By Daniel Hunter
First Government data on the Work Programme suggests the scheme is having a positive effect in helping the long-term unemployed.
A year after the payment-by-results scheme was launched, significant numbers of participants are spending at least three months off benefits according to the data.
Today’s (Monday) publication gives the first official insight into Work Programme performance. It reveals that after the first nine months, almost one in four — 24 per cent - of participants who started in June had already completed at least three successive months off benefits.
Early signs are that the figure will have continued to rise and is now - a year into the scheme - perhaps in the region of 30 per cent.
Today the Government has also published data from Work Programme providers showing that in the three months since the launch of the Youth Contract in April, 17,100 18 to 24 year olds started in a job.

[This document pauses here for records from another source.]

Theorem theorem3p2 (R : realType) (V : finType) (E : rel V) (w : V -> V -> R)
    (s t : V) :
  symmetric E ->
  (forall u v, E u v -> w u v = w v u) ->
  (forall u v, E u v -> 0 < w u v) ->
  s != t ->
  forall st : state R V,
    reachable E w (init R s t) st -> terminated st ->
    mu st = dist E w s t.
Proof.
move=> E_sym w_sym w_gt0 s_neq_t st reach term.
have I := invariant_reachable E_sym w_sym s_neq_t reach.
apply/eqP; rewrite eq_le (dist_le_realized (mu_realized I)) andbT.
apply: mu_le_dist E_sym w_sym w_gt0 _ _ (terminated_settled I term)
  (terminated_mu_le_sum I term) (dlt_s_le0 I) (dlt_t_le0 I).
Qed.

"These figures are the first indication that the Work Programme has had a promising start in what’s been a very difficult labour market," Employment Minister Chris Grayling said.
"People I meet in the industry already say that performance is well ahead of where it was at the same stage with the Flexible New Deal from which it took over, and this data gives further encouragement. Now the welfare to work industry really has to demonstrate that it can reach new levels in helping the long-term unemployed back to work."
The Work Programme was launched in June 2011 giving tailored support to those at risk of long-term unemployment. Private providers and voluntary organisations are paid according to results, with a job outcome payment being made after 13 or 26 weeks in employment, with further payments being made for sustained employment after that.
Reliable data on job outcomes is not yet available, as most claimants have to be in a job for six months before providers receive an outcome payment. Official Statistics will be published for the first time in the autumn.
Today’s data shows clear evidence that, 36 weeks into the programme, 48 per cent of the earliest participants — those who started in June 2011 - had had a break in their benefit claim and 24 per cent had spent a continuous 13 week spell off benefits.
Of those who left benefits most quickly - in the first 10 weeks - 7 out of 10 were still off benefits 13 weeks later. Taking account of all these figures suggests that the proportion of June starters who will have now spent at least 13 weeks off benefits could be higher than the 24 per cent recorded after nine months, and could be in the region of 30 per cent.